= DESCRIPTION OF THE TASK =
The entries that follow include a run beginning at the line with "split=> [SI v" and ending at the line with "set r := char_poly B %/ q."; restate that run word for word and leave the rest out.
════════════════════
(* Let $\mathbb{F}$ be a field, let $n\ge 1$, and let $B$ be a nonzero matrix in $M_n(\mathbb{F})$. Then $B$ is strongly independent over $\mathbb{F}$ if and only if the characteristic polynomial $P_B(t)=\det(tI_n-B)$ is irreducible in $\mathbb{F}[t]$.
   Context: An $n$-tuple $(B_1,\dots,B_n)$ of matrices in $M_n(\mathbb{F})$ is called strongly independent over $\mathbb{F}$ if for every nonzero column vector $v\in\mathbb{F}^{n\times 1}$, the vectors $B_1v,\dots,B_nv$ are linearly independent over $\mathbb{F}$. A nonzero matrix $B\in M_n(\mathbb{F})$ is called strongly independent over $\mathbb{F}$ if the $n$-tuple $(I_n,B,B^2,\dots,B^{n-1})$ is strongly independent over $\mathbb{F}$. *)

From mathcomp Require Import all_boot all_order all_algebra.
Set Implicit Arguments. Unset Strict Implicit. Unset Printing Implicit Defensive.
Import GRing.Theory.
Local Open Scope ring_scope.

Definition lin_indep (F : fieldType) (m k : nat) (w : 'I_k -> 'cV[F]_m) : Prop :=
  forall c : 'I_k -> F, \sum_(i < k) c i *: w i = 0 -> forall i, c i = 0.

Definition strongly_independent_tuple (F : fieldType) (n : nat)
    (Bs : 'I_n -> 'M[F]_n) : Prop :=
  forall v : 'cV[F]_n, v != 0 -> lin_indep (fun i => Bs i *m v).

Definition strongly_independent_mx (F : fieldType) (n : nat) (B : 'M[F]_n.+1) : Prop :=
  B != 0 /\ strongly_independent_tuple (fun i : 'I_n.+1 => B ^+ i).

From mathcomp Require Import all_boot all_order all_algebra.
From mathcomp Require Import zify.
Set Implicit Arguments. Unset Strict Implicit. Unset Printing Implicit Defensive.
Import GRing.Theory.
Local Open Scope ring_scope.

(* A linear relation among [v, Bv, ..., B^n v] is a polynomial [p] of degree at
   most [n] with [p(B) v = 0], so strong independence says that no nonzero
   vector is killed by a nonzero polynomial of degree [< deg P_B].
   If [P_B] is irreducible, such a [p] is coprime to [P_B]; by Bezout and
   Cayley-Hamilton [p(B)] is then invertible, so [p(B) v = 0] forces [v = 0].
   Conversely, if [q] divides [P_B = r q], then [r(B) q(B) = 0] by
   Cayley-Hamilton: either [q(B) = 0] kills every vector, so [deg q >= deg P_B],
   or [r(B)] kills a nonzero vector [q(B) v], so [deg r >= deg P_B] and [q] is
   constant. *)

Lemma exists_mulmx_neq0 (R : nzRingType) m n (A : 'M[R]_(m, n)) :
  A != 0 -> exists v : 'cV[R]_n, A *m v != 0.
Proof.
move=> A0; case: (pickP (fun j : 'I_n => A *m (delta_mx j 0 : 'cV[R]_n) != 0)).
  by move=> j; exists (delta_mx j 0).
move=> noCol.
case/eqP: A0; apply/matrixP => i j.
by have /negbFE/eqP/colP/(_ i) := noCol j; rewrite -colE !mxE.
Qed.

Section StronglyIndependentPowers.

Variables (F : fieldType) (n : nat) (B : 'M[F]_n.+1).

Lemma sum_scale_powers_mulmx k (c : nat -> F) (v : 'cV[F]_n.+1) :
  \sum_(i < k) c i *: (B ^+ i *m v) = horner_mx B (\poly_(i < k) c i) *m v.
Proof.
rewrite poly_def rmorph_sum /= mulmx_suml; apply: eq_bigr => i _.
by rewrite linearZ /= rmorphXn /= horner_mx_X scalemxAl.
Qed.

Lemma strongly_independent_powersP :
  strongly_independent_tuple (fun i : 'I_n.+1 => B ^+ i) <->
  (forall v : 'cV[F]_n.+1, v != 0 -> forall p : {poly F},
     (size p <= n.+1)%N -> horner_mx B p *m v = 0 -> p = 0).
Proof.
split=> [SI v v0 p sp pBv | annih v v0 c sum_c0].
  have := SI v v0 (fun i => p`_i).
  rewrite sum_scale_powers_mulmx -/(take_poly _ p) take_poly_id // => /(_ pBv).
  move=> coefs0; apply/polyP => i; rewrite coef0.
  have [lt_in | le_ni] := ltnP i n.+1; first exact: (coefs0 (Ordinal lt_in)).
  by rewrite nth_default // (leq_trans sp le_ni).
set p := \poly_(i < n.+1) c (inord i).
have p0 : p = 0.
  apply: (annih v v0 _ (size_poly _ _)); rewrite -sum_scale_powers_mulmx -[RHS]sum_c0.
  by apply: eq_bigr => i _; rewrite inord_val.
move=> i; have := coef_poly n.+1 (c \o inord) i.
by rewrite -/p p0 coef0 ltn_ord /= inord_val.
Qed.

Lemma coprimep_char_poly_unitmx (p : {poly F}) :
  coprimep p (char_poly B) -> horner_mx B p \in unitmx.
Proof.
case/Bezout_eq1_coprimepP => [[u w]] /= /(congr1 (horner_mx B)).
rewrite rmorphD !rmorphM /= Cayley_Hamilton mulr0 addr0 rmorph1 => uBpB1.
by case: (mulmx1_unit uBpB1).
Qed.

Lemma irreducible_char_poly_strongly_independent :
  irreducible_poly (char_poly B) ->
  strongly_independent_tuple (fun i : 'I_n.+1 => B ^+ i).
Proof.
move=> irr; apply/strongly_independent_powersP => v v0 p sp pBv.
apply: contraTeq v0 => p0; rewrite negbK.
have cop : coprimep p (char_poly B).
  rewrite coprimep_sym irreducible_poly_coprime //; apply/negP => /(dvdp_leq p0).
  by rewrite size_char_poly leqNgt ltnS sp.
by rewrite -(mulKmx (coprimep_char_poly_unitmx cop) v) pBv mulmx0.
Qed.

Hypothesis SI : strongly_independent_tuple (fun i : 'I_n.+1 => B ^+ i).

Lemma size_char_poly_le_annihilator (v : 'cV[F]_n.+1) (p : {poly F}) :
  v != 0 -> p != 0 -> horner_mx B p *m v = 0 -> (size (char_poly B) <= size p)%N.
Proof.
move=> v0 p0 pBv; rewrite size_char_poly ltnNge; apply: contra p0 => sp.
by rewrite (strongly_independent_powersP.1 SI v v0 p sp pBv).
Qed.

Lemma strongly_independent_char_poly_irreducible : irreducible_poly (char_poly B).
Proof.
have chi0 : char_poly B != 0 by apply/monic_neq0/char_poly_monic.
split=> [|q sq1 qdvd]; first by rewrite size_char_poly.
have q0 : q != 0 by apply: contraTneq qdvd => ->; rewrite dvd0p.
rewrite -dvdp_size_eqp // eqn_leq dvdp_leq //=.
set r := char_poly B %/ q.
have chiE : r * q = char_poly B by rewrite divpK.
have r0 : r != 0 by apply: contra_neq chi0 => r0; rewrite -chiE r0 mul0r.
have [qB0 | /exists_mulmx_neq0 [v qBv0]] := eqVneq (horner_mx B q) 0.
  have [v] := exists_mulmx_neq0 (oner_neq0 'M[F]_n.+1).
  rewrite mul1mx => v0.
  by apply: (size_char_poly_le_annihilator v0 q0); rewrite qB0 mul0mx.
suff: (size (char_poly B) <= size r)%N.
  rewrite -chiE (size_mul r0 q0); move: q0 sq1; rewrite -size_poly_gt0.
  move: (size r) (size q) => sr sq; lia.
apply: (size_char_poly_le_annihilator qBv0 r0).
by rewrite mulmxA mulmxE -rmorphM /= chiE Cayley_Hamilton mul0mx.
Qed.

End StronglyIndependentPowers.

(* n.+1 encodes n >= 1 *)
Theorem theorem1p5 (F : fieldType) (n : nat) (B : 'M[F]_n.+1) :
  B != 0 ->
  (strongly_independent_mx B <-> irreducible_poly (char_poly B)).
Proof.
move=> B0; split=> [[_ SI] | irr].
  exact: strongly_independent_char_poly_irreducible SI.
by split; last exact: irreducible_char_poly_strongly_independent.
Qed.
════════════════════
= WRITTEN ANSWER =
split=> [SI v v0 p sp pBv | annih v v0 c sum_c0].
  have := SI v v0 (fun i => p`_i).
  rewrite sum_scale_powers_mulmx -/(take_poly _ p) take_poly_id // => /(_ pBv).
  move=> coefs0; apply/polyP => i; rewrite coef0.
  have [lt_in | le_ni] := ltnP i n.+1; first exact: (coefs0 (Ordinal lt_in)).
  by rewrite nth_default // (leq_trans sp le_ni).
set p := \poly_(i < n.+1) c (inord i).
have p0 : p = 0.
  apply: (annih v v0 _ (size_poly _ _)); rewrite -sum_scale_powers_mulmx -[RHS]sum_c0.
  by apply: eq_bigr => i _; rewrite inord_val.
move=> i; have := coef_poly n.+1 (c \o inord) i.
by rewrite -/p p0 coef0 ltn_ord /= inord_val.
Qed.

Lemma coprimep_char_poly_unitmx (p : {poly F}) :
  coprimep p (char_poly B) -> horner_mx B p \in unitmx.
Proof.
case/Bezout_eq1_coprimepP => [[u w]] /= /(congr1 (horner_mx B)).
rewrite rmorphD !rmorphM /= Cayley_Hamilton mulr0 addr0 rmorph1 => uBpB1.
by case: (mulmx1_unit uBpB1).
Qed.

Lemma irreducible_char_poly_strongly_independent :
  irreducible_poly (char_poly B) ->
  strongly_independent_tuple (fun i : 'I_n.+1 => B ^+ i).
Proof.
move=> irr; apply/strongly_independent_powersP => v v0 p sp pBv.
apply: contraTeq v0 => p0; rewrite negbK.
have cop : coprimep p (char_poly B).
  rewrite coprimep_sym irreducible_poly_coprime //; apply/negP => /(dvdp_leq p0).
  by rewrite size_char_poly leqNgt ltnS sp.
by rewrite -(mulKmx (coprimep_char_poly_unitmx cop) v) pBv mulmx0.
Qed.

Hypothesis SI : strongly_independent_tuple (fun i : 'I_n.+1 => B ^+ i).

Lemma size_char_poly_le_annihilator (v : 'cV[F]_n.+1) (p : {poly F}) :
  v != 0 -> p != 0 -> horner_mx B p *m v = 0 -> (size (char_poly B) <= size p)%N.
Proof.
move=> v0 p0 pBv; rewrite size_char_poly ltnNge; apply: contra p0 => sp.
by rewrite (strongly_independent_powersP.1 SI v v0 p sp pBv).
Qed.

Lemma strongly_independent_char_poly_irreducible : irreducible_poly (char_poly B).
Proof.
have chi0 : char_poly B != 0 by apply/monic_neq0/char_poly_monic.
split=> [|q sq1 qdvd]; first by rewrite size_char_poly.
have q0 : q != 0 by apply: contraTneq qdvd => ->; rewrite dvd0p.
rewrite -dvdp_size_eqp // eqn_leq dvdp_leq //=.
set r := char_poly B %/ q.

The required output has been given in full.